## WHAT THIS TASK INVOLVES
The lines you need are those holding the word "Stdlib"; pull them from the material.
LISTED RECORDS section start
(* Fix $\alpha,\beta\in(0,1)$ and $0<c<1/2$. There exist constants $C_\beta>0$ (depending only on $\beta$) and $K,L>0$ (depending only on $\alpha,\beta,c$) such that for the decoupled process with parameters $(\mathcal{P}_\infty,v_0,\mathcal{P}_\infty,\alpha,\beta)$ and all $t$, with probability at least $1-e^{-(1+o(1))t^{2c}}$ (the $o(1)$ tending to $0$ as $t\to\infty$) there exist indices $k_0<k_1<\dots<k_l$ with $l\ge L\,t^{0.5-c}$ such that the values $\sigma_{k_0}(t),\dots,\sigma_{k_l}(t)$ are pairwise distinct and, for each $i=0,1,\dots,l$, $$\big|\sigma_{k_i}(t)-\beta t-C_\beta\, t^{c}\sqrt{t}\, i\big|\le K\,t^{c}\sqrt{t}.$$
   Context: Decoupled process on the infinite path $\mathcal{P}_\infty$ with vertices $v_0\to v_1\to\cdots$, root $v_0$, $p(v_i)=v_{i-1}$. Fix $\alpha,\beta\in[0,1]$. Let $Z_0=+1$, $Z_1,Z_2,\dots$ i.i.d. uniform on $\{-1,+1\}$, $Z_\infty=\bot$; counter $\mathrm{count}_0=1$; $\mathrm{origin}_0(v_0)=0$ (and always $0$), $\mathrm{origin}_0(v_i)=\infty$ for $i\ge1$; $g_t(v)=Z_{\mathrm{origin}_t(v)}$. Update from $t$ to $t+1$ (independent choices): if $g_t(v)=g_t(p(v))=\bot$ then $\mathrm{origin}_{t+1}(v)=\infty$; if $g_t(v)=\bot\ne g_t(p(v))$: w.p. $1-\alpha$, $\mathrm{origin}_{t+1}(v)=\mathrm{origin}_t(p(v))$, and w.p. $\alpha$, $\mathrm{origin}_{t+1}(v)$ is the current counter value and the counter is incremented; if $g_t(v)\ne\bot$, $v\neq v_0$: w.p. $\beta$, $\mathrm{origin}_{t+1}(v)=\mathrm{origin}_t(p(v))$, otherwise unchanged. $k$-frontier: $\sigma_k(t)=\max\{i\in\mathbb{N}:\mathrm{origin}_t(v_i)\le k\}$. *)

From Stdlib Require Import Reals Lra Lia List Arith ClassicalEpsilon.
Import ListNotations.
Open Scope R_scope.
(* Assume $a>0$. For $r\in(0,1]$ and $t>0$ let $x_{\rm L}(r,t,a)$ denote the left edge of the support of the three-parametric MP density $\rho(\cdot;r,t,a)$, namely the middle real root of the cubic \[ S(x;r,t,a)=4ax^3-\{8a^2+4a(3r+2)t-t^2\}x^2+2\big[2a^3-2a^2(5r-2)t+a\{r(6r-1)+1\}t^2-(r+1)t^3\big]x+(r-1)^2t^2\{a^2-a(4r-2)t+t^2\}. \] (i) The time-evolution of the support touches the origin $x=0$ (i.e. $x_{\rm L}(r,t,a)=0$ for some $t>0$) if and only if $r=1$; for $r\in(0,1)$ one has $x_{\rm L}(r,t,a)>0$. (ii) When $r=1$, with the critical time $t_{\rm c}(a):=a$, one has $x_{\rm L}(1,t,a)>0$ for $0\le t<t_{\rm c}(a)$ and $x_{\rm L}(1,t,a)=0$ for all $t\ge t_{\rm c}(a)$. Moreover \[ x_{\rm L}(1,t,a)\simeq\frac{4}{27a^2}(t_{\rm c}(a)-t)^{3}\quad\text{as } t\nearrow t_{\rm c}(a). \]
   Context: The three-parametric MP density $\rho(x;r,t,a)$ ($r\in(0,1]$, $t>0$, $a\ge0$) is the density of the weak limit, as $N,M\to\infty$ with $N/M\to r$, of $\frac1N\sum_{j}\delta_{X^N_j(t)/M}$, where $X^N_j$ solve $dX^N_j=2\sqrt{X^N_j}dB_j+2(M-N+1)dt+4X^N_j\sum_{k\neq j}\frac{dt}{X^N_j-X^N_k}$ with independent standard Brownian motions $B_j$ and $X^N_j(0)=aM$; equivalently its Stieltjes transform $G$ solves $z=\frac1G+\frac{t}{1-rtG}+\frac{a}{(1-rtG)^2}$. Its support is $[x_{\rm L}(r,t,a),x_{\rm R}(r,t,a)]$ where $x_{\rm L}\le x_{\rm R}$ are the two largest of the three real roots of $S(\cdot;r,t,a)$. The notation $f\simeq g$ means $f/g\to1$. *)

From Stdlib Require Import Reals ClassicalEpsilon.
From Coquelicot Require Import Coquelicot.
Open Scope R_scope.

Definition S (x r t a : R) : R :=
  4 * a * x ^ 3
  - (8 * a ^ 2 + 4 * a * (3 * r + 2) * t - t ^ 2) * x ^ 2
  + 2 * (2 * a ^ 3 - 2 * a ^ 2 * (5 * r - 2) * t
         + a * (r * (6 * r - 1) + 1) * t ^ 2 - (r + 1) * t ^ 3) * x
  + (r - 1) ^ 2 * t ^ 2 * (a ^ 2 - a * (4 * r - 2) * t + t ^ 2).

Definition is_middle_root (r t a x : R) : Prop :=
  exists y1 y3 : R, y1 <= x <= y3 /\
    forall y : R, S y r t a = 4 * a * (y - y1) * (y - x) * (y - y3).

(* x_L(r,t,a): the middle real root of S (chosen by classical choice; it is
   unique whenever it exists). *)
Definition xL (r t a : R) : R :=
  epsilon (inhabits 0) (is_middle_root r t a).

(* For r < 1 the cubic S is positive at 0 and negative at a + (1 + r) t, so
   its middle root lies strictly between them.  For r = 1 the constant term
   vanishes and S(x) = x (4 a x^2 - beta x + 4 (a - t)^3): the two other roots
   have product (a - t)^3 / a and positive sum, so 0 is the middle root exactly
   when t >= a.  For t < a the middle root is the smaller root
   8 (a - t)^3 / (beta + sqrt delta), and beta + sqrt delta -> 54 a^2 as t -> a
   gives the cubic vanishing rate. *)
From Stdlib Require Import Reals Lra Psatz ClassicalEpsilon.
From Coquelicot Require Import Coquelicot.
Open Scope R_scope.

Lemma Rmult3_integral (u v w : R) : u * v * w = 0 -> u = 0 \/ v = 0 \/ w = 0.
Proof.
  intros h. destruct (Rmult_integral _ _ h) as [huv | hw]; [|tauto].
  destruct (Rmult_integral _ _ huv); tauto.
Qed.

Lemma middle_root_unique (c y1 x y3 z1 x' z3 : R) : c <> 0 ->
  y1 <= x <= y3 -> z1 <= x' <= z3 ->
  (forall y, c * (y - y1) * (y - x) * (y - y3) = c * (y - z1) * (y - x') * (y - z3)) ->
  x = x'.
Proof.
  intros hc hx hx' H.
  (* p(1) + p(-1) - 2 p(0) = -2 c (sum of the roots) *)
  assert (Hsum : y1 + x + y3 = z1 + x' + z3).
  { pose proof (H 0); pose proof (H 1); pose proof (H (-1)).
    apply (Rmult_eq_reg_l c); [nra | exact hc]. }
  assert (Hx : (x - z1) * (x - x') * (x - z3) = 0).
  { apply (Rmult_eq_reg_l c); [|exact hc]. rewrite <- !Rmult_assoc, <- H. ring. }
  assert (Hx' : (x' - y1) * (x' - x) * (x' - y3) = 0).
  { apply (Rmult_eq_reg_l c); [|exact hc]. rewrite <- !Rmult_assoc, H. ring. }
  destruct (Rmult3_integral _ _ _ Hx) as [? | [? | ?]];
    destruct (Rmult3_integral _ _ _ Hx') as [? | [? | ?]]; lra.
Qed.

Lemma xL_eq (r t a x : R) : 0 < a -> is_middle_root r t a x -> xL r t a = x.
Proof.
  intros ha Hx.
  pose proof (epsilon_spec (inhabits 0) (is_middle_root r t a) (ex_intro _ x Hx)) as He.
  fold (xL r t a) in He.
  destruct Hx as (y1 & y3 & Hord & Hfac), He as (z1 & z3 & Hord' & Hfac').
  symmetry. apply (middle_root_unique (4 * a) y1 x y3 z1 (xL r t a) z3);
    [lra | exact Hord | exact Hord' |].
  intro y. now rewrite <- Hfac, <- Hfac'.
Qed.

Lemma quadratic_roots_around (c b d u p : R) : 0 < c -> u <= p ->
  c * u ^ 2 + b * u + d < 0 -> c * p ^ 2 + b * p + d < 0 ->
  exists y1 y3, y1 < u /\ p < y3 /\
    forall y, c * y ^ 2 + b * y + d = c * (y - y1) * (y - y3).
Proof.
  intros hc hup hu hp.
  set (D := b ^ 2 - 4 * c * d).
  assert (hD : 0 < D).
  { assert (E : 4 * c * (c * u ^ 2 + b * u + d) = (2 * c * u + b) ^ 2 - D)
      by (unfold D; ring).
    pose proof (pow2_ge_0 (2 * c * u + b)). nra. }
  pose proof (sqrt_sqrt D (Rlt_le _ _ hD)) as hs.
  pose proof (sqrt_lt_R0 D hD) as hs0.
  set (s := sqrt D) in *.
  assert (Hfac : forall y, c * y ^ 2 + b * y + d
                   = c * (y - (- b - s) / (2 * c)) * (y - (- b + s) / (2 * c))).
  { intro y. replace d with ((b ^ 2 - s * s) / (4 * c)) by (rewrite hs; unfold D; field; lra).
    field. lra. }
  assert (h13 : (- b - s) / (2 * c) < (- b + s) / (2 * c)).
  { apply Rmult_lt_compat_r; [apply Rinv_0_lt_compat |]; lra. }
  exists ((- b - s) / (2 * c)), ((- b + s) / (2 * c)).
  rewrite Hfac in hu, hp.
  set (y1 := (- b - s) / (2 * c)) in *. set (y3 := (- b + s) / (2 * c)) in *.
  clearbody y1 y3.
  split; [| split; [| exact Hfac]].
  - destruct (Rlt_or_le y1 u) as [h | h]; [exact h |].
    assert (0 <= (y1 - u) * (y3 - u)) by (apply Rmult_le_pos; lra). nra.
  - destruct (Rlt_or_le p y3) as [h | h]; [exact h |].
    assert (0 <= (p - y1) * (p - y3)) by (apply Rmult_le_pos; lra). nra.
Qed.

Lemma cubic_middle_root_of_sign_change (c3 c2 c1 c0 u z p : R) :
  0 < c3 -> u < z < p ->
  0 < c3 * u ^ 3 + c2 * u ^ 2 + c1 * u + c0 ->
  c3 * z ^ 3 + c2 * z ^ 2 + c1 * z + c0 = 0 ->
  c3 * p ^ 3 + c2 * p ^ 2 + c1 * p + c0 < 0 ->
  exists y1 y3, y1 <= z <= y3 /\
    forall y, c3 * y ^ 3 + c2 * y ^ 2 + c1 * y + c0 = c3 * (y - y1) * (y - z) * (y - y3).
Proof.
  intros hc [huz hzp] hu hz hp.
  set (b := c3 * z + c2). set (d := c3 * z ^ 2 + c2 * z + c1).
  assert (Hdiv : forall y, c3 * y ^ 3 + c2 * y ^ 2 + c1 * y + c0
                   = (y - z) * (c3 * y ^ 2 + b * y + d)).
  { intro y. unfold b, d. replace c0 with (- (c3 * z ^ 3 + c2 * z ^ 2 + c1 * z)) by lra.
    ring. }
  rewrite Hdiv in hu, hp.
  destruct (quadratic_roots_around c3 b d u p hc ltac:(lra) ltac:(nra) ltac:(nra))
    as (y1 & y3 & h1 & h3 & Hq).
  exists y1, y3. split; [lra |].
  intro y. rewrite Hdiv, Hq. ring.
Qed.

Lemma S_expand (y r t a : R) : S y r t a =
  (4 * a) * y ^ 3 + (- (8 * a ^ 2 + 4 * a * (3 * r + 2) * t - t ^ 2)) * y ^ 2
  + (2 * (2 * a ^ 3 - 2 * a ^ 2 * (5 * r - 2) * t
          + a * (r * (6 * r - 1) + 1) * t ^ 2 - (r + 1) * t ^ 3)) * y
  + (r - 1) ^ 2 * t ^ 2 * (a ^ 2 - a * (4 * r - 2) * t + t ^ 2).
Proof. unfold S. ring. Qed.

Lemma S_continuous (r t a : R) : continuity (fun y => S y r t a).
Proof. unfold S. reg. Qed.

Lemma S_at_0_pos (r t a : R) : 0 < r < 1 -> 0 < t -> 0 < a -> 0 < S 0 r t a.
Proof.
  intros hr ht ha.
  replace (S 0 r t a) with
    ((1 - r) ^ 2 * t ^ 2 * ((t - a * (2 * r - 1)) ^ 2 + 4 * a ^ 2 * (r * (1 - r))))
    by (unfold S; ring).
  pose proof (pow2_ge_0 (t - a * (2 * r - 1))).
  assert (0 < r * (1 - r)) by nra.
  assert (0 < a ^ 2) by nra.
  apply Rmult_lt_0_compat; [apply Rmult_lt_0_compat; apply pow_lt |]; nra.
Qed.

Lemma S_at_a_plus_neg (r t a : R) : 0 < r -> 0 < t -> 0 < a ->
  S (a + (1 + r) * t) r t a < 0.
Proof.
  intros hr ht ha.
  replace (S (a + (1 + r) * t) r t a)
    with (- (4 * r * t * (2 * a + t) ^ 3 + 27 * r ^ 2 * t ^ 2 * a ^ 2))
    by (unfold S; ring).
  assert (0 < (2 * a + t) ^ 3) by (apply pow_lt; lra).
  assert (0 < r * t) by nra.
  assert (0 < (r * t * a) ^ 2) by (apply pow_lt; nra).
  nra.
Qed.

Lemma middle_root_pos (r t a : R) : 0 < r < 1 -> 0 < t -> 0 < a ->
  exists z, 0 < z /\ is_middle_root r t a z.
Proof.
  intros hr ht ha.
  set (p := a + (1 + r) * t).
  assert (hp : 0 < p) by (unfold p; nra).
  pose proof (S_at_0_pos r t a hr ht ha) as S0.
  pose proof (S_at_a_plus_neg r t a ltac:(lra) ht ha) as Sp. fold p in Sp.
  destruct (IVT (fun y => - S y r t a) 0 p) as (z & [hz0 hzp] & Hz);
    [apply continuity_opp, S_continuous | exact hp | lra | lra |].
  assert (Sz : S z r t a = 0) by lra.
  assert (hz0' : 0 < z) by (destruct hz0 as [? | <-]; lra).
  assert (hzp' : z < p) by (destruct hzp as [? | ->]; lra).
  rewrite !S_expand in S0, Sp, Sz.
  assert (h4a : 0 < 4 * a) by lra.
  destruct (cubic_middle_root_of_sign_change _ _ _ _ 0 z p h4a (conj hz0' hzp') S0 Sz Sp)
    as (y1 & y3 & Hord & Hfac).
  exists z. split; [exact hz0' |]. exists y1, y3. split; [exact Hord |].
  intro y. rewrite S_expand. apply Hfac.
Qed.

Definition beta (t a : R) : R := 8 * a ^ 2 + 20 * a * t - t ^ 2.

(* The discriminant of 4 a x^2 - beta x + 4 (a - t)^3, see [delta_eq]. *)
Definition delta (t a : R) : R := t * (t + 8 * a) ^ 3.

Definition rho (t a : R) : R := beta t a + sqrt (delta t a).

Definition x_lo (t a : R) : R := 8 * (a - t) ^ 3 / rho t a.

Definition x_hi (t a : R) : R := rho t a / (8 * a).

Lemma delta_eq (t a : R) : delta t a = beta t a ^ 2 - 64 * a * (a - t) ^ 3.
Proof. unfold delta, beta. ring. Qed.

Lemma delta_nonneg (t a : R) : 0 < a -> 0 <= t -> 0 <= delta t a.
Proof. intros ha ht. unfold delta. apply Rmult_le_pos; [lra | apply pow_le; lra]. Qed.

Lemma rho_pos (t a : R) : 0 < a -> 0 <= t -> 0 < rho t a.
Proof.
  intros ha ht. unfold rho.
  destruct (Rlt_or_le 0 (beta t a)) as [hb | hb].
  - pose proof (sqrt_pos (delta t a)). lra.
  - (* beta <= 0 forces t > a, hence delta > beta^2 *)
    assert (hta : a < t) by (unfold beta in hb; nra).
    assert (hd : beta t a ^ 2 < delta t a).
    { rewrite delta_eq. assert (0 < (t - a) ^ 3) by (apply pow_lt; lra). nra. }
    pose proof (sqrt_sqrt _ (delta_nonneg t a ha ht)).
    pose proof (sqrt_pos (delta t a)).
    nra.
Qed.

Lemma S_1_eq (y t a : R) :
  S y 1 t a = y * (4 * a * y ^ 2 - beta t a * y + 4 * (a - t) ^ 3).
Proof. unfold S, beta. ring. Qed.

Lemma x_lo_eq (t a : R) : 0 < a -> 0 <= t ->
  x_lo t a = (beta t a - sqrt (delta t a)) / (8 * a).
Proof.
  intros ha ht.
  pose proof (sqrt_sqrt _ (delta_nonneg t a ha ht)) as hs.
  pose proof (rho_pos t a ha ht) as hr.
  unfold x_lo. unfold rho in *. set (s := sqrt (delta t a)) in *.
  rewrite delta_eq in hs.
  replace ((a - t) ^ 3) with ((beta t a ^ 2 - s * s) / (64 * a)) by (rewrite hs; field; lra).
  field. lra.
Qed.

Lemma S_1_factor (t a : R) : 0 < a -> 0 <= t -> forall y,
  S y 1 t a = 4 * a * (y - 0) * (y - x_lo t a) * (y - x_hi t a).
Proof.
  intros ha ht y.
  pose proof (sqrt_sqrt _ (delta_nonneg t a ha ht)) as hs.
  rewrite S_1_eq, x_lo_eq by lra. unfold x_hi, rho.
  set (s := sqrt (delta t a)) in *. rewrite delta_eq in hs.
  replace ((a - t) ^ 3) with ((beta t a ^ 2 - s * s) / (64 * a)) by (rewrite hs; field; lra).
  field. lra.
Qed.

Lemma x_lo_le_x_hi (t a : R) : 0 < a -> 0 <= t -> x_lo t a <= x_hi t a.
Proof.
  intros ha ht. rewrite x_lo_eq by lra. unfold x_hi, rho.
  apply Rmult_le_compat_r; [left; apply Rinv_0_lt_compat; lra |].
  pose proof (sqrt_pos (delta t a)). lra.
Qed.

Lemma xL_1_before (t a : R) : 0 < a -> 0 <= t <= a -> xL 1 t a = x_lo t a.
Proof.
  intros ha ht. apply xL_eq; [exact ha |].
  exists 0, (x_hi t a). split; [split |].
  - unfold x_lo. apply Rdiv_le_0_compat; [apply Rmult_le_pos, pow_le |
      apply rho_pos]; lra.
  - apply x_lo_le_x_hi; lra.
  - apply S_1_factor; lra.
Qed.

Lemma xL_1_after (t a : R) : 0 < a -> a <= t -> xL 1 t a = 0.
Proof.
  intros ha ht.
  pose proof (rho_pos t a ha ltac:(lra)) as hr.
  apply xL_eq; [exact ha |].
  exists (x_lo t a), (x_hi t a). split; [split |].
  - unfold x_lo, Rdiv.
    assert (0 <= (t - a) ^ 3) by (apply pow_le; lra).
    assert (0 < / rho t a) by (apply Rinv_0_lt_compat; lra).
    replace ((a - t) ^ 3) with (- (t - a) ^ 3) by ring. nra.
  - unfold x_hi. apply Rdiv_le_0_compat; lra.
  - intro y. rewrite S_1_factor by lra. ring.
Qed.

Lemma x_lo_pos (t a : R) : 0 < a -> 0 <= t < a -> 0 < x_lo t a.
Proof.
  intros ha ht. unfold x_lo.
  apply Rdiv_lt_0_compat; [apply Rmult_lt_0_compat, pow_lt | apply rho_pos]; lra.
Qed.

Lemma x_lo_ratio (t a : R) : 0 < a -> 0 <= t < a ->
  x_lo t a / (4 / (27 * a ^ 2) * (a - t) ^ 3) = 54 * a ^ 2 / rho t a.
Proof.
  intros ha ht.
  pose proof (rho_pos t a ha ltac:(lra)).
  assert (0 < (a - t) ^ 3) by (apply pow_lt; lra).
  unfold x_lo. field. repeat split; lra.
Qed.

Lemma rho_at_a (a : R) : 0 < a -> rho a a = 54 * a ^ 2.
Proof.
  intros ha. unfold rho, beta, delta.
  replace (a * (a + 8 * a) ^ 3) with ((27 * a ^ 2) ^ 2) by ring.
  rewrite sqrt_pow2; [ring | nra].
Qed.

Lemma rho_continuous (a x : R) : continuous (fun t => rho t a) x.
Proof.
  unfold rho, beta, delta. apply (continuous_plus (V := R_NormedModule)).
  - apply (ex_derive_continuous (V := R_NormedModule)). auto_derive. exact I.
  - apply continuous_sqrt_comp, (ex_derive_continuous (V := R_NormedModule)).
    auto_derive. exact I.
Qed.

Lemma xL_1_ratio_lim (a : R) : 0 < a ->
  filterlim (fun t => xL 1 t a / (4 / (27 * a ^ 2) * (a - t) ^ 3))
    (at_left a) (locally 1).
Proof.
  intros ha.
  apply (filterlim_ext_loc (fun t => 54 * a ^ 2 / rho t a)).
  - exists (mkposreal a ha). intros t ht hta.
    change (Rabs (t - a) < a) in ht. apply Rabs_def2 in ht.
    rewrite xL_1_before, x_lo_ratio; lra.
  - apply (filterlim_filter_le_1 (F := locally a)); [apply filter_le_within |].
    replace 1 with (54 * a ^ 2 / rho a a)
      by (rewrite rho_at_a; [field |]; nra).
    apply (continuous_mult (K := R_AbsRing)); [apply continuous_const |].
    apply continuous_Rinv_comp; [apply rho_continuous |].
    rewrite rho_at_a; nra.
Qed.

Theorem proposition1p2 (a : R) (ha : 0 < a) :
  (* (i) *)
  (forall r : R, 0 < r <= 1 ->
     ((exists t : R, 0 < t /\ xL r t a = 0) <-> r = 1)) /\
  (forall r t : R, 0 < r < 1 -> 0 < t -> 0 < xL r t a) /\
  (* (ii), with t_c(a) = a *)
  (forall t : R, 0 <= t < a -> 0 < xL 1 t a) /\
  (forall t : R, a <= t -> xL 1 t a = 0) /\
  filterlim (fun t => xL 1 t a / (4 / (27 * a ^ 2) * (a - t) ^ 3))
    (at_left a) (locally 1).
Proof.
  assert (Hpos : forall r t, 0 < r < 1 -> 0 < t -> 0 < xL r t a).
  { intros r t hr ht. destruct (middle_root_pos r t a hr ht ha) as (z & hz & Hz).
    now rewrite (xL_eq r t a z ha Hz). }
  split; [| split; [exact Hpos | split; [| split]]].
  - intros r hr. split.
    + intros (t & ht & h0). destruct (Req_dec r 1) as [-> | hr1]; [reflexivity |].
      enough (0 < xL r t a) by lra. apply Hpos; lra.
    + intros ->. exists a. split; [exact ha | apply xL_1_after; lra].
  - intros t ht. rewrite xL_1_before by lra. now apply x_lo_pos.
  - intros t ht. now apply xL_1_after.
  - now apply xL_1_ratio_lim.
Qed.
LISTED RECORDS section end
## RESULT OF THE TASK
From Stdlib Require Import Reals Lra Lia List Arith ClassicalEpsilon.
From Stdlib Require Import Reals ClassicalEpsilon.
From Stdlib Require Import Reals Lra Psatz ClassicalEpsilon.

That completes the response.